Interpretive Summary:

Technical Abstract: Many grasses have mutualistic symbioses with fungi of the family Clavicipitaceae. Tall fescue [Schedonorus arundinaceus (Schreb.) Dumont. = Festuca arundinacea (Schreb.)] can harbor the obligate endophyte, Neotyphodium coenophialum, that is asexually propagated and transmitted via host seeds. In an effort to dissect the host plant endophyte cross-talk, tall fescue global gene expression was analyzed using the Affymetrix Wheat Genome Array GeneChip® and Barley1 Genome Array GeneChip®. Total RNA was isolated from pseudostems of known endophyte-infected and endophyte-free plants and tested in triplicate. Analysis of the results was combined using four microarray analysis methods (MAS5, Plier, RMA and GCRMA) that were significantly (P<0.05) differentially expressed (greater than two-fold) over both the wheat and barley microarray chips. This combinatorial approach yielded 32 similar probe sets (genes) that were differentially expressed on both the wheat and barley microarray chips. Tall fescue ESTs were identified by BLASTn in GenBank for 20 of the probe sets.
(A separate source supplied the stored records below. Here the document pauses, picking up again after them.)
Lemma greedy_corr_coloring (rank : T -> nat) :
  (forall x y, e x y -> rank x != rank y) ->
  (forall x, #|[set y | e x y & rank y < rank x]| < k) ->
  exists phi, corr_coloring e L M phi.
Proof.
move=> rank_edge back_lt; case: (LM) => HL Msym Me _.
suff /(_ (\max_x rank x).+1) [phi [phiL phiM]] : forall N, exists phi,
    (forall x, phi x \in L x) /\
    forall x y, rank x < N -> rank y < N -> ~~ M x y (phi x) (phi y).
  by exists phi; split=> // x y _; apply: phiM; rewrite ltnS leq_bigmax.
elim=> [|N [phi [phiL phiM]]].
  exists (fun x => nth 0 (L x) 0); split=> // x.
  by apply: mem_nth; have [_ ->] := HL x; apply: leq_ltn_trans (back_lt x).
(* Recolour the vertices of rank N (pairwise non-adjacent) against their earlier neighbours. *)
have /fin_all_exists2[col colL col_free] x := free_color_exists x phi (back_lt x).
exists (fun x => if rank x == N then col x else phi x); split=> [x|]; first by case: ifP.
suff no_clash x y : rank y <= rank x -> rank x <= N ->
    ~~ M x y (if rank x == N then col x else phi x) (if rank y == N then col y else phi y).
  move=> x y; rewrite !ltnS => le_xN le_yN.
  have [le_yx|/ltnW le_xy] := leqP (rank y) (rank x); first exact: no_clash.
  by apply: contra (no_clash y x le_xy le_yN); rewrite Msym.
move=> le_yx le_xN; apply/negP => Mxy; have [exy _ _] := Me _ _ _ _ Mxy.
have lt_yx : rank y < rank x by rewrite ltn_neqAle eq_sym rank_edge.
have ne_yN : rank y != N by apply: contraTneq lt_yx => ->; rewrite -leqNgt.
rewrite (negbTE ne_yN) in Mxy.
case: eqP Mxy => [_|/eqP ne_xN] Mxy.
  by move: (col_free x y); rewrite inE exy lt_yx Mxy => /(_ isT).
have lt_xN : rank x < N by rewrite ltn_neqAle ne_xN.
by move: (phiM x y lt_xN (ltn_trans lt_yx lt_xN)); rewrite Mxy.
Qed.

End Greedy.

Definition shift_corr (T : finType) (e : rel T) (k : nat) (t : T -> T -> nat) :
    T -> T -> nat -> nat -> bool :=
  fun x y c d => [&& e x y, c < k, d < k & c + t x y == d + t y x %[mod k]].

Lemma shift_corr_assignment (T : finType) (e : rel T) k t :
  symmetric e -> corr_assignment e k (fun=> iota 0 k) (shift_corr e k t).
Proof.
move=> e_sym; split=> [x|x y c d|x y c d|x y c d d'].
- by rewrite iota_uniq size_iota.
- by rewrite /shift_corr (e_sym y) [in RHS]eq_sym; case: (c < k); case: (d < k).
- by case/and4P=> exy ck dk _; rewrite !mem_iota.
- case/and4P=> _ _ dk Md /and4P[_ _ d'k Md'].
  by move: Md; rewrite (eqP Md') eqn_modDr !modn_small // => /eqP.
Qed.

Lemma bounded_uniq_size k (s : seq nat) :
  uniq s -> all (fun c => c < k) s -> size s <= k.
Proof.
move=> s_uniq /allP s_lt; rewrite -(size_iota 0 k); apply: uniq_leq_size => // c.
by move=> /s_lt c_lt; rewrite mem_iota.
Qed.

Lemma notin_map (T U : eqType) (f : T -> U) a (s : seq T) :
  {in s, forall y, a != f y} -> a \notin map f s.
Proof. by move=> a_neq; apply/mapP => -[y /a_neq/eqP]. Qed.

Section JoinLowerBound.

Variables (T : finType) (e : rel T) (m : nat) (u v : T) (Q1 Q2 : seq T).
Hypotheses (m_gt0 : 0 < m) (e_sym : symmetric e).
Hypotheses (u_neq_v : u != v) (v_notin_Q : v \notin Q1 ++ Q2) (uniq_Q : uniq (Q1 ++ Q2)).
Hypotheses (size_Q1 : size Q1 = m) (size_Q2 : size Q2 = m).
Hypotheses (clique_Q1 : {in Q1 &, forall x y, x != y -> e x y}).
Hypotheses (clique_Q2 : {in Q2 &, forall x y, x != y -> e x y}).
Hypotheses (join_uv : {in Q1 ++ Q2, forall y, e u y && e v y}).
Lemma inj_or_id_inj (T : finType) (f : T -> T) : injective (inj_or_id f).
Proof. by rewrite /inj_or_id; case: (injectiveP f) => // _ x y. Qed.

Definition perm_of (T : finType) (f : T -> T) : {perm T} := perm (@inj_or_id_inj T f).

Lemma perm_ofE (T : finType) (f : T -> T) : injective f -> perm_of f =1 f.
Proof. by move=> f_inj x; rewrite permE /inj_or_id; case: (injectiveP f). Qed.

Section NormalForm.
Variable k : nat.
Local Notation T := 'I_k.+1.
Implicit Types M : Defs.pmap T.

Definition ord_rot : {perm T} := perm (can_inj (@ordSK k.+1)).

Lemma ord_rotE x : val (ord_rot x) = x.+1 %% k.+1.
Proof. by rewrite permE. Qed.

Lemma iter_ord_rotE i x : val (iter i ord_rot x) = (x + i) %% k.+1.
Proof.
elim: i => [|i IHi] /=; first by rewrite addn0 modn_small.
by rewrite ord_rotE IHi -[_.+1]addn1 modnDml addn1 addnS.
Qed.

Lemma iter_ord_rot_max (y : T) : iter y.+1 ord_rot ord_max = y.
Proof. by apply: val_inj; rewrite iter_ord_rotE /= addnS -addSn modnDl modn_small. Qed.

Definition face_perm M : {perm T} :=
  perm_of (fun i : T => iter i (pm_gamma M) (pm_R1 M)).

Definition normal_form M := pm_conj M (face_perm M)^-1%g.

Section PlantedMap.
Variable M : Defs.pmap T.
Hypothesis pmapM : is_pmap M.
Local Notation alpha := (pm_alpha M).
Local Notation gamma := (pm_gamma M).

Lemma pm_alphaK : involutive alpha.
Proof. by case/andP: pmapM => /andP[/forallP alphaM _] _ x; case/andP: (alphaM x) => /eqP. Qed.

Lemma gamma_plant : gamma (pm_plant M) = pm_R1 M.
Proof.
case/andP: pmapM => _ /eqP; rewrite /pm_sigma permM /pm_R1 => sigma_plant.
by rewrite -{2}sigma_plant pm_alphaK.
Qed.

Lemma fconnect_R1 y : fconnect gamma (pm_R1 M) y.
Proof.
case/andP: pmapM => /andP[_ /forallP /(_ (pm_R1 M)) /forallP /(_ y)] /porbitP[i ->] _.
by rewrite permX fconnect_iter.
Qed.

Lemma order_R1 : fingraph.order gamma (pm_R1 M) = k.+1.
Proof.
rewrite /fingraph.order -[RHS](card_ord k.+1); apply: eq_card => y.
by rewrite [RHS]inE; apply: fconnect_R1.
Qed.

Lemma face_permE i : face_perm M i = iter i gamma (pm_R1 M).
Proof.
apply: perm_ofE => l m /= lm; apply: ord_inj.
have lt_order (j : T) : (j : nat) < fingraph.order gamma (pm_R1 M) by rewrite order_R1.
by rewrite -(findex_iter (lt_order l)) lm findex_iter.
Qed.

Lemma face_perm_max : face_perm M ord_max = pm_plant M.
Proof.
apply: (@perm_inj _ gamma); rewrite gamma_plant face_permE /= -iterS.
by have := iter_order (@perm_inj _ gamma) (pm_R1 M); rewrite order_R1.
Qed.

Lemma face_perm_rot i : face_perm M (ord_rot i) = gamma (face_perm M i).
Proof.
have := ltn_ord i; rewrite ltnS leq_eqVlt => /orP[/eqP i_max|i_lt].
  have -> : ord_rot i = ord0 by apply: val_inj; rewrite ord_rotE i_max modnn.
  rewrite !face_permE /= -iterS.
  have -> : (i : nat).+1 = fingraph.order gamma (pm_R1 M) by rewrite order_R1 i_max.
  by rewrite (iter_order (@perm_inj _ gamma)).
by rewrite !face_permE ord_rotE modn_small.
Qed.

Lemma normal_form_gamma : pm_gamma (normal_form M) = ord_rot.
Proof.
apply/permP=> y; rewrite /normal_form /pm_conj /= -{1}(permK (face_perm M) y).
by rewrite permJ -face_perm_rot permK.
Qed.

Lemma normal_form_plant : pm_plant (normal_form M) = ord_max.
Proof. by rewrite /normal_form /pm_conj /= -face_perm_max permK. Qed.
End PlantedMap.

Lemma pm_iso_normal_eq M M' :
  pm_gamma M = ord_rot -> pm_plant M = ord_max ->
  pm_gamma M' = ord_rot -> pm_plant M' = ord_max -> pm_iso M M' -> M = M'.
Proof.
move=> gM pM gM' pM' /pm_isoP[t defM'].
suff t1 : t = 1%g by rewrite defM' t1 pm_conj1.
have rotJ : (ord_rot ^ t)%g = ord_rot by rewrite -{1}gM -gM' defM'.
have t_max : t ord_max = ord_max by rewrite -{1}pM -pM' defM'.
apply/permP=> y.
by rewrite perm1 -{1}(iter_ord_rot_max y) -iter_permJ rotJ t_max iter_ord_rot_max.
Qed.

(* Every class contains exactly one map whose face is [ord_rot] and whose plant is [ord_max]. *)
Lemma card_pm_iso_classes (Q : pred (Defs.pmap T)) :
  (forall M t, Q (pm_conj M t) = Q M) ->
  #|equivalence_partition (@pm_iso _) [set M | is_pmap M && Q M]| =
  #|[set a : {perm T} | is_pmap (a, ord_rot, ord_max) && Q (a, ord_rot, ord_max)]|.
Proof.
move=> Q_conj; set D := [set M | _].
pose N := [set M in D | (pm_gamma M == ord_rot) && (pm_plant M == ord_max)].
rewrite (@card_equivalence_partition _ _ D N).
- have -> : N = (fun a => (a, ord_rot, ord_max)) @: [set a : {perm T} |
     is_pmap (a, ord_rot, ord_max) && Q (a, ord_rot, ord_max)].
    apply/setP=> -[[a g] p]; rewrite !inE; apply/idP/imsetP => [|[a' a'P [-> -> ->]]].
      rewrite /pm_gamma /pm_plant /= => /and3P[DM /eqP gM /eqP pM].
      by exists a; rewrite -?gM -?pM // inE.
    by rewrite inE in a'P; rewrite a'P !eqxx.
  by rewrite card_imset // => a b [].
- by move=> M1 M2 M3 _ _ _; apply: pm_iso_equivalence.
- by apply/subsetP=> M; rewrite inE => /andP[].
- move=> M; rewrite inE => /andP[pmapM QM]; exists (normal_form M).
    by rewrite !inE is_pmap_conj Q_conj pmapM QM normal_form_gamma // normal_form_plant // !eqxx.
  by apply/pm_isoP; eexists.
- move=> M M'; rewrite !inE => /and3P[_ /eqP gM /eqP pM] /and3P[_ /eqP gM' /eqP pM'].
  exact: pm_iso_normal_eq.
Qed.
End NormalForm.

(** * Deleting the two edges of a type (B) map *)

Definition fpf_involution (K : nat) (f : nat -> nat) :=
  forall x, x <= K -> [/\ f x <= K, f (f x) = x & f x != x].

(* The vertex permutation of the map on {0, ..., K} with edges [A] and face x |-> x + 1. *)
Definition nsigma (K : nat) (A : nat -> nat) (x : nat) := A (if x == K then 0 else x.+1).

Section Surgery.
Variables k b a : nat.
Hypothesis b_ge2 : 2 <= b.
Hypothesis b_lt_a : b < a.
Hypothesis a_le : a <= k.+2.

(* Deleting the edges {1, a} and {b, a+1} from the face 0, 1, ..., k+4 leaves the face of a map
   with k+1 half-edges in which the blocks [2, b-1] and [b+1, a-1] are exchanged; [lift_pos w] is
   the old label of the half-edge at position [w] of that face. *)
Definition lift_pos w :=
  if w == 0 then 0 else if w <= a - b - 1 then w + b
  else if w <= a - 3 then w - (a - b - 1) + 1 else w + 4.
Definition drop_pos x :=
  if x == 0 then 0 else if x < b then x + (a - b - 1) - 1
  else if x < a then x - b else x - 4.
Definition removed x := [|| x == 1, x == b, x == a | x == a.+1].

Local Ltac pos_arith := rewrite /lift_pos /drop_pos /removed; repeat case: ifP; move=> *; lia.

Lemma lift_pos_le w : w <= k -> lift_pos w <= k.+4. Proof. pos_arith. Qed.
Lemma lift_pos_lt w : w < k -> lift_pos w < k.+4. Proof. pos_arith. Qed.
Lemma lift_pos_kept w : ~~ removed (lift_pos w). Proof. pos_arith. Qed.
Lemma lift_posK w : drop_pos (lift_pos w) = w. Proof. pos_arith. Qed.
Lemma drop_pos_le x : x <= k.+4 -> ~~ removed x -> drop_pos x <= k. Proof. pos_arith. Qed.
Lemma drop_posK x : ~~ removed x -> lift_pos (drop_pos x) = x. Proof. pos_arith. Qed.
Lemma lift_pos0 : lift_pos 0 = 0. Proof. by []. Qed.
Lemma lift_pos_max : lift_pos k = k.+4. Proof. pos_arith. Qed.
Lemma drop_pos_max : drop_pos k.+4 = k. Proof. pos_arith. Qed.
Lemma lift_posS w : w < k -> w != 0 -> w != a - b - 1 -> w != a - 3 ->
  lift_pos w.+1 = (lift_pos w).+1.
Proof. pos_arith. Qed.

Lemma lift_pos_inj : injective lift_pos.
Proof. exact: can_inj lift_posK. Qed.

Lemma removed_1 : removed 1. Proof. by rewrite /removed eqxx. Qed.
Lemma removed_b : removed b. Proof. by rewrite /removed eqxx orbT. Qed.
Lemma removed_a : removed a. Proof. by rewrite /removed eqxx !orbT. Qed.
Lemma removed_a1 : removed a.+1. Proof. by rewrite /removed eqxx !orbT. Qed.

Definition contract (A : nat -> nat) w := drop_pos (A (lift_pos w)).

Section Expand.
Variable C : nat -> nat.
Hypothesis C_fpf : fpf_involution k C.
Hypothesis C0 : C 0 = k.

Definition expand x :=
  if x == 1 then a else if x == a then 1 else if x == b then a.+1
  else if x == a.+1 then b else lift_pos (C (drop_pos x)).

Lemma expand_kept x : ~~ removed x -> expand x = lift_pos (C (drop_pos x)).
Proof. clear C_fpf C0; rewrite /removed /expand; repeat case: ifP; move=> * //; lia. Qed.

Lemma expand1 : expand 1 = a. Proof. by []. Qed.
Lemma expand_a : expand a = 1.
Proof. clear C_fpf C0; rewrite /expand; repeat case: ifP; move=> *; lia. Qed.
Lemma expand_b : expand b = a.+1.
Proof. clear C_fpf C0; rewrite /expand; repeat case: ifP; move=> *; lia. Qed.
Lemma expand_a1 : expand a.+1 = b.
Proof. clear C_fpf C0; rewrite /expand; repeat case: ifP; move=> *; lia. Qed.

Lemma expand0 : expand 0 = k.+4.
Proof. by rewrite expand_kept ?C0 ?lift_pos_max // /removed; lia. Qed.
PCR and real-time PCR expression was evaluated on cDNA’s constructed using the Stratagene First Strand Synthesis kit of the original RNA samples evaluated by microarray, plus samples collected the following year, using PCR primers designed to the tall fescue EST’s using the IDT Primer Express software. Some primers gave results similar to that observed on the microarray suggesting that these genes are differentially expressed in response to the presence of the endophyte in tall fescue. In other cases no differences were observed between the endophyte-infected and endophyte-free or the results were contrary to what was previously observed. It is unknown whether the primers that did not give expected results are indicative of the particular gene or allele that was used for primer design compared to what was detected on the array, or if the incorrect tall fescue EST was used for PCR primer design due to the limited EST information presently in the databases for tall fescue.